Net income for the quarter decreased 23.9%, to $41.7 million from $54.9 million a year ago, while diluted earnings per share decreased 23.3% to $0.33 from $0.43.
"RPM's second-quarter operating results indicate the impact of the worldwide recession, particularly on our consumer products segment. Our industrial segment, which has been experiencing robust growth for the past several years, also felt the impact of recession as sales continued to grow, albeit at a slower pace," said Frank C. Sullivan, chairman and CEO.
Consolidated earnings before interest and taxes (EBIT) were $77.7 million, a 16.4% decline from the $93 million reported a year ago.
Sales in the company's industrial segment grew 3.3% to $625.6 million from $605.8 million in the year-ago second quarter. Organic sales declined 2.9%, including 4.3% in net foreign exchange losses as a result of the dollar strengthening against most other worldwide currencies. Growth from acquisitions was 6.2%. Industrial segment EBIT for the second quarter decreased four percent to $71 million, compared to EBIT of $74 million a year ago.
"Industrial segment sales growth slowed across most of our businesses," said Sullivan. "Sales growth remained brisk in our protective coatings, fiberglass reinforced plastics and international polymer flooring product lines. However, previously high growth lines, such as North American polymer flooring, began feeling the impact of the overall economic decline in the second quarter, while formerly strong international markets reflected the migration of the U.S. recession to Europe and our other overseas markets."
Sales by RPM's consumer segment fell 11.8% to $264.4 million from $299.9 million a year ago. Of the decline in sales, eight percent was organic, including 2.7% in net foreign exchange losses, while acquisitions less divestitures accounted for 3.8% of the decline, largely representing the sale of the company's Bondo subsidiary in the fiscal 2008 second quarter. Consumer segment EBIT declined 48.5% to $15.9 million from $30.8 million in the fiscal 2008 second quarter.

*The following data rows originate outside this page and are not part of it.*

(* Let $\Omega=[\alpha,\beta]$ with $\alpha<\beta$, let $F$ be an $\Omega$-tropical polynomial with set of non-smooth points $H\subset(\alpha,\beta)$ and multiplicity function $\mu$, let $p\in(\alpha,\beta)\setminus H$, and let $(a,b)$ be the connected component of $(\alpha,\beta)\setminus H$ containing $p$ (so each of $a,b$ is either a point of $H$ or an endpoint of $\Omega$). Put $c=\min(p-a,\,b-p)$. Then $G_pF$ is an $\Omega$-tropical polynomial, and its multiset of non-smooth points (points counted with multiplicity) is obtained from that of $F$ by removing one copy of $a$ if $a\neq\alpha$, removing one copy of $b$ if $b\neq\beta$, and adding one copy of $a+c$ and one copy of $b-c$ (so that if $a+c=b-c$, i.e. $p=(a+b)/2$, a point $p$ of multiplicity $2$ is added). Equivalently, with $M_F:\Omega\to\mathbb{Z}_{\ge0}\cup\{\infty\}$ defined by $M_F(\alpha)=M_F(\beta)=\infty$, $M_F=\mu$ on $H$ and $M_F=0$ on $(\alpha,\beta)\setminus H$, one has $M_{G_pF}(x)=M_F(x)-\delta_{a,x}-\delta_{b,x}+\delta_{a+c,x}+\delta_{b-c,x}$ for all $x\in\Omega$ (Kronecker deltas, with $\infty-1=\infty$).
   Context: Let $\Omega=[\alpha,\beta]$ be a compact interval with $\alpha<\beta$. An $\Omega$-tropical series is a function $F:\Omega\to[0,\infty)$ with $F(\alpha)=F(\beta)=0$ that can be written as $F(z)=\inf_{v\in\mathbb{Z}}(a_v+zv)$ for some real numbers $a_v$; its canonical coefficients are $a_v=\sup_{z\in\Omega}(F(z)-zv)$. Such $F$ is concave piecewise linear with integer slopes; its set $H$ of non-smooth points is the set of points of $(\alpha,\beta)$ where $F$ is not differentiable, with multiplicity $\mu(h)=F'(h^-)-F'(h^+)\in\mathbb{Z}_{\ge1}$. An $\Omega$-tropical polynomial is an $\Omega$-tropical series with finite $H$. For $p\in(\alpha,\beta)$ the operator $G_p$ is defined as follows: if $F$ is not differentiable at $p$, then $G_pF=F$; otherwise there is a unique $w\in\mathbb{Z}$ with $F(z)=a_w+zw$ near $p$ ($a_v$ canonical coefficients of $F$), and $G_pF(z)=\inf_{v\in\mathbb{Z}}(b_v+zv)$ for $z\in\Omega$, where $b_v=a_v$ for $v\neq w$ and $b_w=\min_{v\in\mathbb{Z}\setminus\{w\}}(a_v+pv)-pw$. *)

From HB Require Import structures.
From mathcomp Require Import all_boot all_order all_algebra.
From mathcomp Require Import all_classical all_reals all_analysis.
Set Implicit Arguments. Unset Strict Implicit. Unset Printing Implicit Defensive.
Import Order.TTheory GRing.Theory Num.Theory.
Import numFieldNormedType.Exports.
Local Open Scope classical_set_scope.
Local Open Scope ring_scope.
(* Let $B$ be a Blaschke product in $\mathbb{C}_0$ with zero sequence $\mathscr{Z}_B$. Then for every $\gamma>0$ and every $t\in\mathbb{R}$ such that $B$ has no zeros on the line $\mathrm{Im}\,s=t$, \[\left|\mathrm{Im}\int_0^\gamma \frac{B'(\sigma+it)}{B(\sigma+it)}\,\sigma\,d\sigma\right| \leq \left(2\pi + \frac{\pi^2}{3} \gamma^2 \right) \sup_{\tau\in\mathbb{R}} \sum_{\substack{\alpha \in \mathscr{Z}_B \\ \tau \leq \mathrm{Im}\,\alpha \leq \tau+1 }} \mathrm{Re}\,\alpha.\]
   Context: $\mathbb{C}_0=\{s:\mathrm{Re}\,s>0\}$. A Blaschke product in $\mathbb{C}_0$ is $B(s)=\prod_{\alpha\in\mathscr{Z}_B}\frac{1-\overline{\alpha}^2}{|1-\alpha^2|}\frac{s-\alpha}{s+\overline{\alpha}}$, where the sequence $\mathscr{Z}_B\subset\mathbb{C}_0$ (repeated according to multiplicity) satisfies $\sum_{\alpha\in\mathscr{Z}_B}\frac{\mathrm{Re}\,\alpha}{1+(\mathrm{Im}\,\alpha)^2}<\infty$. *)

From Stdlib Require Import Reals.
From Coquelicot Require Import Coquelicot.
Open Scope R_scope.

(* A zero sequence is encoded as Z : nat -> option C; the entries [Some a]
   list the zeros (repeated according to multiplicity), [None] entries are
   padding, so finite (or empty) zero sets are allowed. *)

(* normalising constant (1 - conj(a)^2)/|1 - a^2|; for a = 1 (where
   |1-a^2| = 0 and the formula is undefined) we use the constant 1. *)
Definition bconst (a : C) : C :=
  if Req_EM_T (Cmod (1 - a * a)%C) 0 then 1%C
  else ((1 - Cconj a * Cconj a) / RtoC (Cmod (1 - a * a)%C))%C.

Definition bfactor (a s : C) : C :=
  (bconst a * ((s - a) / (s + Cconj a)))%C.

Fixpoint bpartial (Z : nat -> option C) (s : C) (N : nat) : C :=
  match N with
  | O => 1%C
  | S n => (bpartial Z s n *
            match Z n with Some a => bfactor a s | None => 1%C end)%C
  end.

Definition zeros_in_C0 (Z : nat -> option C) : Prop :=
  forall n a, Z n = Some a -> 0 < Re a.

Definition blaschke_cond (Z : nat -> option C) : Prop :=
  ex_series (fun n => match Z n with
                      | Some a => Re a / (1 + (Im a) ^ 2)
                      | None => 0 end).

Definition is_blaschke_product (Z : nat -> option C) (B : C -> C) : Prop :=
  forall s : C, 0 < Re s ->
    filterlim (bpartial Z s) eventually (locally (B s)).

Fixpoint window_sum (Z : nat -> option C) (tau : R) (N : nat) : R :=
  match N with
  | O => 0
  | S n => window_sum Z tau n +
           match Z n with
           | Some a =>
               if Rle_dec tau (Im a) then
                 if Rle_dec (Im a) (tau + 1) then Re a else 0
               else 0
           | None => 0 end
  end.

"Our consumer businesses continue to face a difficult retail climate, largely attributable to the lingering effects of the weak domestic housing market that has impacted many of our large retail accounts," Sullivan said. "New, high value products introduced by both our Rust-Oleum and DAP subsidiaries over the summer months have experienced good market acceptance and are performing consistent with our expectations. Our other consumer product lines are maintaining market share in this difficult retail environment.
"We are likely to experience a loss in our fiscal third quarter, which will end February 28, 2009, due to a combination of factors," Sullivan continued. "The third quarter is RPM's seasonally low period, and our performance will be further impacted by continuing revenue declines, along with employee severance costs resulting from adjustments in certain RPM businesses to address the deteriorating business environment.
"As we announced during the second quarter, it is likely that our current fiscal year results will be below those of fiscal 2008, given the significant deterioration of economic conditions worldwide. Also as previously announced, we are discontinuing guidance for the current fiscal year until such time as we see more predictability in overall economic conditions," Sullivan concluded.